Conservation History

It seems, surprisingly, to have been one of the few paintings NOT conserved and revarnished at the time of the Goupil exhibition in 1892!

In her detailed report on the conservation history and condition of the painting, Kimberley Muir in the Art Institute of Chicago online catalogue includes the following comments:

'Overall, the painting is in relatively good condition. There is old damage near the center of the canvas, consisting of two vertical tears—one approximately 6 cm in length, the other around 2.5 cm—with associated loss and abrasion of the adjacent paint. ... The surface has a semigloss sheen, somewhat uneven in appearance, especially in the region of the retouched damages.

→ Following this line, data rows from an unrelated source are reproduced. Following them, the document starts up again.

Lemma RInt_dens_NLoS (t : R) : Defs.RInt dens_NLoS 0 t = 1 - pois_cdf (1 * t) 0.
Proof.
  rewrite RInt_Defs_eq by (eexists; apply is_RInt_dens_NLoS).
  apply is_RInt_unique, is_RInt_dens_NLoS.
Qed.

Lemma continuous_RInt_dLoS_lin (K a x : R) : continuous (fun y => RInt (dLoS K) 0 (a * y)) x.
Proof.
  apply (continuous_comp (fun y => a * y) (fun t => RInt (dLoS K) 0 t));
    [|apply continuous_RInt_dLoS].
  apply ex_derive_continuous'. auto_derive. easy.
Qed.

Definition outage_integrand (fm fI : R -> R) (bm bI gt y : R) : R :=
  fI y * Defs.RInt fm 0 (gt * bI * y / bm).

Section OutageCases.
Variables bm bI gt : R.
Hypotheses (Hbm : 0 < bm) (HbI : 0 < bI) (Hgt : 0 < gt).

Let c := gt * bI / bm.

Let c_gt0 : 0 < c.
Proof. unfold c. apply Rdiv_lt_0_compat; nra. Qed.

Let threshold_eq (y : R) : gt * bI * y / bm = c * y.
Proof. unfold c. field. lra. Qed.

Lemma is_RInt_pinfty_outage_NN :
  is_RInt_pinfty (outage_integrand dens_NLoS dens_NLoS bm bI gt) 0 (po_NN_closed bm bI gt).
Proof.
  replace (po_NN_closed bm bI gt) with (1 - negbin_cdf (c / (1 + c)) 0 0).
  2:{ rewrite negbin_cdf_0. unfold po_NN_closed, c. simpl. field. split; nra. }
  apply (is_RInt_pinfty_ext 0 (fun y => 1 * pois (1 * y) 0 * (1 - pois_cdf (c * y) 0))).
  - intros y Hy. unfold outage_integrand.
    now rewrite threshold_eq, dens_NLoS_pois, RInt_dens_NLoS, (Rmult_1_l (c * y)).
  - apply is_RInt_pinfty_pois_pois_cdf; lra.
Qed.

Lemma is_RInt_pinfty_outage_LN (Km : R) : 0 < Km ->
  is_RInt_pinfty (outage_integrand (dens_LoS Km) dens_NLoS bm bI gt) 0 (po_LN_closed bm bI gt Km).
Proof.
  intros HKm. set (rho := (c / 2) / (1 + c / 2)).
  replace (po_LN_closed bm bI gt Km) with (rho * exp (- Km * (1 - rho))).
  2:{ unfold po_LN_closed, rho, c. f_equal; [|f_equal]; field; split; nra. }
  assert (Hint : forall y, 0 <= y -> outage_integrand (dens_LoS Km) dens_NLoS bm bI gt y
                                     = 1 * pois (1 * y) 0 * RInt (dLoS Km) 0 (c * y)).
  { intros y Hy. unfold outage_integrand.
    now rewrite threshold_eq, dens_NLoS_pois, RInt_dens_LoS by nra. }
  apply (is_RInt_pinfty_pois_mixture (pois Km) (fun _ => 0%nat) (fun j => j) 1 (c / 2));
    try lra.
  - intros n. apply pois_ge0. lra.
  - exists 1. apply is_series_pois.
  - intros y Hy. rewrite Hint by exact Hy.
    apply (is_series_ext'
      (fun j => 1 * pois (1 * y) 0 * (pois Km j * (1 - pois_cdf (/ 2 * (c * y)) j)))).
    + intros j. replace (/ 2 * (c * y)) with (c / 2 * y) by field. ring.
    + apply is_series_scal_l', is_series_RInt_dLoS; nra.
  - intros b Hb. apply (ex_RInt_ext (fun y => 1 * pois (1 * y) 0 * RInt (dLoS Km) 0 (c * y))).
    + intros y Hy. rewrite Rmin_left in Hy by lra. symmetry. apply Hint. lra.
    + apply ex_RInt_continuous'. intros y.
      apply (continuous_mult (fun y => 1 * pois (1 * y) 0) (fun y => RInt (dLoS Km) 0 (c * y))).
      * apply (continuous_scal_r 1 (fun y => pois (1 * y) 0)), continuous_pois_lin.
      * apply continuous_RInt_dLoS_lin.
  - fold rho. apply (is_series_ext' (fun j => rho * (pois Km j * rho ^ j))).
    + intros j. rewrite negbin_cdf_j0. simpl pow. ring.
    + apply is_series_scal_l', is_series_pois_pow.
Qed.

Lemma is_RInt_pinfty_outage_NL (KI : R) : 0 < KI ->
  is_RInt_pinfty (outage_integrand dens_NLoS (dens_LoS KI) bm bI gt) 0 (po_NL_closed bm bI gt KI).
Proof.
  intros HKI. set (rho := c / (/ 2 + c)).
  replace (po_NL_closed bm bI gt KI) with (1 - (1 - rho) * exp (- KI * (1 - (1 - rho)))).
  2:{ unfold po_NL_closed, rho, c. do 2 f_equal; [|f_equal]; field; split; nra. }
  assert (Hint : forall y, 0 <= y ->
    outage_integrand dens_NLoS (dens_LoS KI) bm bI gt y = dLoS KI y * (1 - pois_cdf (c * y) 0)).
  { intros y Hy. unfold outage_integrand.
    now rewrite threshold_eq, RInt_dens_NLoS, dens_LoS_dLoS, (Rmult_1_l (c * y)) by lra. }
  apply (is_RInt_pinfty_pois_mixture (pois KI) (fun k => k) (fun _ => 0%nat) (/ 2) c);
    try lra.
  - intros n. apply pois_ge0. lra.
  - exists 1. apply is_series_pois.
  - intros y Hy. rewrite Hint by exact Hy.
    apply (is_series_ext' (fun k => pois KI k * (/ 2 * pois (/ 2 * y) k)
                                     * (1 - pois_cdf (c * y) 0))); [intros k; ring|].
    apply is_series_scal_r, is_series_dLoS.
  - intros b Hb. apply (ex_RInt_ext (fun y => dLoS KI y * (1 - pois_cdf (c * y) 0))).
    + intros y Hy. rewrite Rmin_left in Hy by lra. symmetry. apply Hint. lra.
    + apply ex_RInt_continuous'. intros y.
      apply (continuous_mult (dLoS KI) (fun y => 1 - pois_cdf (c * y) 0));
        [apply continuous_dLoS|].
      apply (continuous_minus (fun _ => 1) (fun y => pois_cdf (c * y) 0));
        [apply continuous_const|apply continuous_pois_cdf_lin].
  - fold rho. apply (is_series_ext' (fun k => pois KI k - (1 - rho) * (pois KI k * (1 - rho) ^ k))).
    + intros k. rewrite negbin_cdf_0. simpl pow. ring.
    + apply is_series_minus'; [apply is_series_pois|].
      apply is_series_scal_l', is_series_pois_pow.
Qed.

Let is_RInt_pinfty_LL_term (Km : R) (k : nat) (a : R) : 0 < Km ->
  is_series (fun j => pois Km j * (1 - negbin_cdf (c / 2 / (/ 2 + c / 2)) j k)) a ->
  is_RInt_pinfty (fun y => / 2 * pois (/ 2 * y) k * RInt (dLoS Km) 0 (c * y)) 0 a.
Proof.
  intros HKm Ha.
  apply (is_RInt_pinfty_pois_mixture (pois Km) (fun _ => k) (fun j => j) (/ 2) (c / 2));
    try lra; [intros n; apply pois_ge0; lra|exists 1; apply is_series_pois| | |exact Ha].
  - intros y Hy.
    apply (is_series_ext' (fun j => / 2 * pois (/ 2 * y) k
                                     * (pois Km j * (1 - pois_cdf (/ 2 * (c * y)) j)))).
    + intros j. replace (/ 2 * (c * y)) with (c / 2 * y) by field. ring.
    + apply is_series_scal_l', is_series_RInt_dLoS; nra.
  - intros b _. apply ex_RInt_continuous'. intros y.
    apply (continuous_mult (fun y => / 2 * pois (/ 2 * y) k) (fun y => RInt (dLoS Km) 0 (c * y))).
    + apply (continuous_scal_r (/ 2) (fun y => pois (/ 2 * y) k)), continuous_pois_lin.
    + apply continuous_RInt_dLoS_lin.
Qed.

Let is_RInt_pinfty_outage_LL_series (Km KI : R) (a : nat -> R) (L : R) : 0 < Km -> 0 < KI ->
  (forall k, is_series (fun j => pois Km j * (1 - negbin_cdf (c / 2 / (/ 2 + c / 2)) j k)) (a k)) ->
  is_series (fun k => pois KI k * a k) L ->
  is_RInt_pinfty (outage_integrand (dens_LoS Km) (dens_LoS KI) bm bI gt) 0 L.
Proof.
  intros HKm HKI Ha HL.
  apply (is_RInt_pinfty_ext 0 (fun y => dLoS KI y * RInt (dLoS Km) 0 (c * y))).
  { intros y Hy. unfold outage_integrand.
    now rewrite threshold_eq, dens_LoS_dLoS, RInt_dens_LoS by nra. }
  apply (is_RInt_pinfty_series
           (fun k y => pois KI k * (/ 2 * pois (/ 2 * y) k * RInt (dLoS Km) 0 (c * y)))
           _ 0 (fun k => pois KI k * a k)); [| | | |intros k|exact HL].
  - intros k y Hy. pose proof (pois_ge0 KI k ltac:(lra)).
    pose proof (pois_ge0 (/ 2 * y) k ltac:(lra)).
    pose proof (RInt_dLoS_bounds Km (c * y) ltac:(lra) ltac:(nra)).
    apply Rmult_le_pos; [lra|]. apply Rmult_le_pos; [|lra]. lra.
  - intros y Hy.
    apply (is_series_ext' (fun k => pois KI k * (/ 2 * pois (/ 2 * y) k)
                                     * RInt (dLoS Km) 0 (c * y))); [intros k; ring|].
    apply is_series_scal_r, is_series_dLoS.
  - intros b _. exists (fun k => pois KI k * / 2). split; [apply ex_series_pois_scal_r|].
    intros k y Hy. pose proof (pois_ge0 KI k ltac:(lra)).
    pose proof (pois_ge0 (/ 2 * y) k ltac:(lra)). pose proof (pois_le1 (/ 2 * y) k ltac:(lra)).
    pose proof (RInt_dLoS_bounds Km (c * y) ltac:(lra) ltac:(nra)).
    apply Rmult_le_compat_l; [lra|]. nra.
  - intros b _. apply ex_RInt_continuous'. intros y.
    apply (continuous_mult (dLoS KI) (fun y => RInt (dLoS Km) 0 (c * y)));
      [apply continuous_dLoS|apply continuous_RInt_dLoS_lin].
  - apply (is_RInt_pinfty_scal 0 (fun y => / 2 * pois (/ 2 * y) k * RInt (dLoS Km) 0 (c * y))).
    now apply is_RInt_pinfty_LL_term.
Qed.

Lemma is_RInt_pinfty_outage_LL (Km KI : R) : 0 < Km -> 0 < KI ->
  is_RInt_pinfty (outage_integrand (dens_LoS Km) (dens_LoS KI) bm bI gt) 0
    (po_LL_closed bm bI gt Km KI).
Proof.
  intros HKm HKI.
  set (d := bm + gt * bI). assert (Hd : 0 < d) by (unfold d; nra).
  set (p := c / 2 / (/ 2 + c / 2)).
  assert (Hp : p = gt * bI / d) by (unfold p, d, c; field; split; nra).
  assert (Hq : 1 - p = bm / d) by (rewrite Hp; unfold d; field; apply Rgt_not_eq, Hd).
  assert (Hp01 : 0 <= p <= 1).
  { rewrite Hp. split; [apply Rdiv_le_0_compat; nra|].
    apply Rmult_le_reg_r with d; [exact Hd|]. unfold Rdiv.
    rewrite Rmult_assoc, Rinv_l by lra. unfold d. nra. }
  set (qa := sqrt (2 * Km * bm / d)). set (qb := sqrt (2 * gt * KI * bI / d)).
  assert (HQ : is_series (fun j => pois (Km * (1 - p)) j * pois_cdf (KI * p) j) (marcumQ qa qb)).
  { apply (is_series_ext' (fun j => pois (qa ^ 2 / 2) j * pois_cdf (qb ^ 2 / 2) j)).
    - intros j. unfold qa, qb.
      rewrite !pow2_sqrt
        by (apply Rdiv_le_0_compat; [repeat apply Rmult_le_pos|]; lra).
      rewrite Hq, Hp. f_equal; f_equal; field; lra.
    - apply is_series_marcumQ, sqrt_pos. }
  destruct (is_series_negbin_double Km KI p _ ltac:(lra) ltac:(lra) Hp01 HQ) as [a [Ha Htot]].
  replace (po_LL_closed bm bI gt Km KI) with (1 - marcumQ qa qb
      + p * (exp (- (Km * (1 - p) + KI * p)) * bessel_series (Km * (1 - p) * (KI * p)))).
  - now apply (is_RInt_pinfty_outage_LL_series Km KI a).
  - unfold po_LL_closed. fold d qa qb. rewrite bessel_I0_series, <- Hp.
    replace (- ((Km * bm + gt * KI * bI) / d)) with (- (Km * (1 - p) + KI * p))
      by (rewrite Hq, Hp; field; lra).
    replace ((2 * bm / d * sqrt (gt * Km * KI * bI / bm) / 2) ^ 2)
      with ((bm / d) ^ 2 * sqrt (gt * Km * KI * bI / bm) ^ 2) by (field; lra).
    rewrite pow2_sqrt by (apply Rdiv_le_0_compat; [repeat apply Rmult_le_pos|]; lra).
    replace ((bm / d) ^ 2 * (gt * Km * KI * bI / bm)) with (Km * (1 - p) * (KI * p))
      by (rewrite Hq, Hp; field; lra).
    ring.
Qed.

End OutageCases.

Lemma outage_eq (fm fI : R -> R) (bm bI gt l : R) :
  is_RInt_pinfty (outage_integrand fm fI bm bI gt) 0 l -> outage fm fI bm bI gt = l.
Proof. apply RInt_inf_eq. Qed.

Lemma RInt_dens_mix (p K t : R) : 0 <= K -> 0 <= t ->
  Defs.RInt (dens_mix p K) 0 t
  = p * Defs.RInt (dens_LoS K) 0 t + (1 - p) * Defs.RInt dens_NLoS 0 t.
Proof.
  intros HK Ht.
  pose proof (ex_RInt_dens_LoS K t HK Ht) as HL.
  assert (HN : ex_RInt dens_NLoS 0 t) by (eexists; apply is_RInt_dens_NLoS).
  unfold dens_mix. rewrite !RInt_Defs_eq by auto using ex_RInt_plus', ex_RInt_scal'.
  rewrite RInt_plus', !RInt_scal'; auto using ex_RInt_scal'.
Qed.

Lemma outage_integrand_mix (pm Km pI KI bm bI gt y : R) :
  0 < bm -> 0 < bI -> 0 < gt -> 0 <= Km -> 0 <= y ->
  outage_integrand (dens_mix pm Km) (dens_mix pI KI) bm bI gt y =
    pm * pI * outage_integrand (dens_LoS Km) (dens_LoS KI) bm bI gt y
  + pm * (1 - pI) * outage_integrand (dens_LoS Km) dens_NLoS bm bI gt y
  + (1 - pm) * pI * outage_integrand dens_NLoS (dens_LoS KI) bm bI gt y
  + (1 - pm) * (1 - pI) * outage_integrand dens_NLoS dens_NLoS bm bI gt y.
Proof.
  intros Hbm HbI Hgt HKm Hy. unfold outage_integrand.
  assert (Ht : 0 <= gt * bI * y / bm)
    by (apply Rdiv_le_0_compat; [repeat apply Rmult_le_pos|]; lra).
  rewrite (RInt_dens_mix pm Km _ HKm Ht).
  unfold dens_mix. ring.
Qed.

… there are small, scattered paint losses, mostly around the edges of the painting. … The painting has a fairly pronounced network of cracks in some areas. There are diagonal stress cracks at the upper corners, drying cracks … in the buildings and the thicker passages of the sky and the boats.' 4

Frame

  • 1867: Style unknown, whereabouts unknown.
  • 1892: Grau-Whistler frame, English, possibly by F. H. Grau, now on the painting. 5

                    Grey and Silver: Old Battersea Reach, Art Institute of Chicago
Grey and Silver: Old Battersea Reach, Art Institute of Chicago

A Goupil Gallery account from May 1892, of frame work done in preparation for Whistler’s retrospective, shows that the owner, Madame Coronio, had ‘paid’ and that a ‘new one [frame] was cut down’; however, this note was then crossed out. 6

The painting seems to have been reframed before it went to America in 1892. D. C. Thomson mentioned the frame, writing, 'in June 18 - we c[redi]ted you with £5 for the frame on the picture sold to Mr P. Palmer.' 7

Whistler Memorial Exhibition, Boston, 1904, GUL Whistler PH6/18
Whistler Memorial Exhibition, Boston, 1904, GUL Whistler PH6/18

The painting is now in a Grau frame, possibly made by Frederick Henry Grau (1859-1892) in 1892.

Notes:

1: Kimberley Muir, 'Cat. 7 Grey and Silver: Old Battersea Reach, 1863: Technical Summary,' in Whistler Paintings and Drawings at the Art Institute of Chicago, The Art Institute of Chicago, 2020, URL.

2: Strother, Stephanie L., 'Cat. 7 Grey and Silver: Old Battersea Reach, 1863: Curatorial Entry', in Whistler Paintings and Drawings at the Art Institute of Chicago, The Art Institute of Chicago, 2020, para 5 URL.

3: Muir 2020, op. cit., URL.

4: Ibid., URL.

5: Dr Sarah L. Parkerson Day, Report on frames, 2017; see also Parkerson 2007 [more] .

6: 20 May 1892, GUW #05740.

7: Thomson to Whistler, 2 July 1892, GUW #05752.